The old city taught us to distinguish compassion from sentimentality. The new city will force us to distinguish intelligence from trust. It will not be enough to say, “Poor fellow.” It will not be enough to say, “Scammer.” The future will produce many poor fellows who scam and many scammers who are poor fellows. Civilization is difficult precisely because human beings refuse to fit the moral folders prepared for them.

A decent city would not let the crossing become a labor exchange for the ruined. It would not let the platform become a dormitory, the inbox become a begging bowl, the coaching center become a casino, the family become a private welfare department, or the fraud economy become the last employer of the educated desperate. But decency is not an emotion. It is infrastructure, enforcement, redistribution, trust, and daily maintenance. Without those, pity becomes a small coin thrown into a very large machine.
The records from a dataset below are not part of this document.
(* Let $(A,\star,\mathcal{B}_A)$ be a quadratic permutative algebra and $(B,\bullet,\{\cdot,\cdot\},\mathcal{B}_B)$ a quadratic Poisson algebra. On $A\otimes B$ define $(x\otimes a)\circ(y\otimes b)=(x\star y)\otimes(a\bullet b)$, $[x\otimes a,y\otimes b]=(x\star y)\otimes\{a,b\}$ and $\mathcal{B}_{A\otimes B}(x\otimes a,y\otimes b)=\mathcal{B}_A(x,y)\mathcal{B}_B(a,b)$. Then $(A\otimes B,\circ,[\cdot,\cdot],\mathcal{B}_{A\otimes B})$ is a quadratic dual pre-Poisson algebra.
   Context: Field $\mathbb{F}$ of characteristic $0$. A quadratic permutative algebra $(A,\star,\mathcal{B}_A)$: $x\star(y\star z)=(x\star y)\star z=(y\star x)\star z$, with $\mathcal{B}_A$ a nondegenerate skew-symmetric bilinear form satisfying $\mathcal{B}_A(x\star y,z)=\mathcal{B}_A(x,y\star z-z\star y)$. A quadratic Poisson algebra $(B,\bullet,\{\cdot,\cdot\},\mathcal{B}_B)$: a Poisson algebra ($(B,\bullet)$ commutative associative, $(B,\{\cdot,\cdot\})$ Lie, $\{x,y\bullet z\}=\{x,y\}\bullet z+y\bullet\{x,z\}$) with a nondegenerate symmetric bilinear form satisfying $\mathcal{B}_B(x\bullet y,z)=\mathcal{B}_B(x,y\bullet z)$ and $\mathcal{B}_B(\{x,y\},z)=\mathcal{B}_B(x,\{y,z\})$. A quadratic dual pre-Poisson algebra is a dual pre-Poisson algebra ($x\circ(y\circ z)=(x\circ y)\circ z=(y\circ x)\circ z$; $[x,[y,z]]=[[x,y],z]+[y,[x,z]]$; $[x,y\circ z]=[x,y]\circ z+y\circ[x,z]$; $[x\circ y,z]=x\circ[y,z]+y\circ[x,z]$; $[x,y]\circ z=-[y,x]\circ z$) with a nondegenerate skew-symmetric bilinear form $\mathcal{B}$ satisfying $\mathcal{B}(x\circ y,z)=\mathcal{B}(x,y\circ z-z\circ y)$ and $\mathcal{B}([x,y],z)=\mathcal{B}(x,[y,z]+[z,y])$. *)

From HB Require Import structures.
From mathcomp Require Import all_boot all_order all_algebra.
Set Implicit Arguments. Unset Strict Implicit. Unset Printing Implicit Defensive.
Import GRing.Theory.
Local Open Scope ring_scope.
(* Each pairwise difference stays between the same two consecutive integers. *)
Lemma ccw_continuation (f g h : R -> R) :
  (forall t, 0 <= t <= 1 -> continuity_pt f t) ->
  (forall t, 0 <= t <= 1 -> continuity_pt g t) ->
  (forall t, 0 <= t <= 1 -> continuity_pt h t) ->
  (forall t, 0 <= t <= 1 -> forall q : Z, g t - f t <> IZR q) ->
  (forall t, 0 <= t <= 1 -> forall q : Z, h t - f t <> IZR q) ->
  (forall t, 0 <= t <= 1 -> forall q : Z, h t - g t <> IZR q) ->
  ccw (f 0) (g 0) (h 0) -> ccw (f 1) (g 1) (h 1).
Proof.
  intros cf cg ch n1 n2 n3 [m1 [m2 H]]. exists m1, m2.
  assert (Hc : forall u v, (forall t, 0 <= t <= 1 -> continuity_pt u t) ->
                 (forall t, 0 <= t <= 1 -> continuity_pt v t) ->
                 forall t, 0 <= t <= 1 -> continuity_pt (fun s => u s - v s) t)
    by (intros; apply continuity_pt_minus; auto).
  assert (B1 := continuous_avoiding_Z_stays (fun t => g t - f t) (- m1) (Hc _ _ cg cf) n1).
  assert (B2 := continuous_avoiding_Z_stays (fun t => h t - f t) (- m2) (Hc _ _ ch cf) n2).
  assert (B3 := continuous_avoiding_Z_stays (fun t => h t - g t) (m1 - m2) (Hc _ _ ch cg) n3).
  simpl in B1, B2, B3. rewrite opp_IZR in B1, B2. rewrite minus_IZR in B3. lra.
Qed.

Ltac invert_sorted := repeat match goal with
  | h : Sorted _ (_ :: _) |- _ => inversion_clear h
  | h : HdRel _ _ (_ :: _) |- _ => inversion_clear h end.
(* Consider the central arrangement in $\mathbb{R}^8$ (coordinates $l_{ijk}$, $i,j,k\in\{0,1\}$) of the six hyperplanes $\mathcal{L}_{1,0}=\{l_{000}+l_{011}-l_{001}-l_{010}=0\}$, $\mathcal{L}_{1,1}=\{l_{100}+l_{111}-l_{101}-l_{110}=0\}$, $\mathcal{L}_{2,0}=\{l_{000}+l_{101}-l_{001}-l_{100}=0\}$, $\mathcal{L}_{2,1}=\{l_{010}+l_{111}-l_{011}-l_{110}=0\}$, $\mathcal{L}_{3,0}=\{l_{000}+l_{110}-l_{010}-l_{100}=0\}$, $\mathcal{L}_{3,1}=\{l_{001}+l_{111}-l_{011}-l_{101}=0\}$. The complement of the union of these hyperplanes has exactly $46$ connected components (regions), and exactly $44$ of these regions are contained in the set $\{l\in\mathbb{R}^8:\ \exp(l)/\sum_{x}\exp(l_x)\in\mathcal{M}_{3,3}\}$, where $\exp$ is applied entrywise.
   Context: $\Delta_7$ is the set of $2\times2\times2$ tensors with nonnegative entries summing to $1$. $\mathcal{M}_{3,3}$ is the set of $p\in\Delta_7$ that are a sum of three tensors $a\otimes b\otimes c$ (entries $a_ib_jc_k$) with $a,b,c\in\mathbb{R}^2_{\ge0}$. *)

From Stdlib Require Import Reals.
Open Scope R_scope.

(* A point of R^8 = a real 2x2x2 tensor; index i,j,k : bool, with
   false = 0 and true = 1, so  l false true true  is  l_{011}. *)
Definition pt := bool -> bool -> bool -> R.

Definition sumb (g : bool -> R) : R := g false + g true.
Definition sum8 (f : pt) : R :=
  sumb (fun i => sumb (fun j => sumb (fun k => f i j k))).

(* Topology of R^8 (sup-norm balls, same topology as Euclidean). *)
Definition open_set (U : pt -> Prop) : Prop :=
  forall x, U x -> exists eps, 0 < eps /\
    forall y, (forall i j k, Rabs (y i j k - x i j k) < eps) -> U y.

Definition connected_set (A : pt -> Prop) : Prop :=
  ~ exists U V : pt -> Prop, open_set U /\ open_set V /\
      (forall x, A x -> U x \/ V x) /\
      (exists x, A x /\ U x) /\ (exists x, A x /\ V x) /\
      (forall x, A x -> U x -> V x -> False).

Definition same_component (A : pt -> Prop) (x y : pt) : Prop :=
  exists C : pt -> Prop, (forall z, C z -> A z) /\ connected_set C /\ C x /\ C y.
So I do not fear only the visible panhandler. I fear the expanding system that will make panhandling one of many interfaces for collapse. At the window, on the phone, in the inbox, in the family WhatsApp group, outside the mall, beside the metro, inside the coaching center, under the flyover, beyond the stylish district, into the broken suburb, the same request will keep changing costume: help me survive a system that has no proper place for me.

Not all requests will deserve money. All will deserve diagnosis.

The future plague will not be that too many people ask. It will be that too many people have been trained, credentialed, indebted, displaced, and cornered into asking badly. And the rest of us, living in our boondocks, lanes, apartments, and small republics of managed fear, will have to decide how to remain humane without becoming prey.

Not salvation. Triage with a conscience.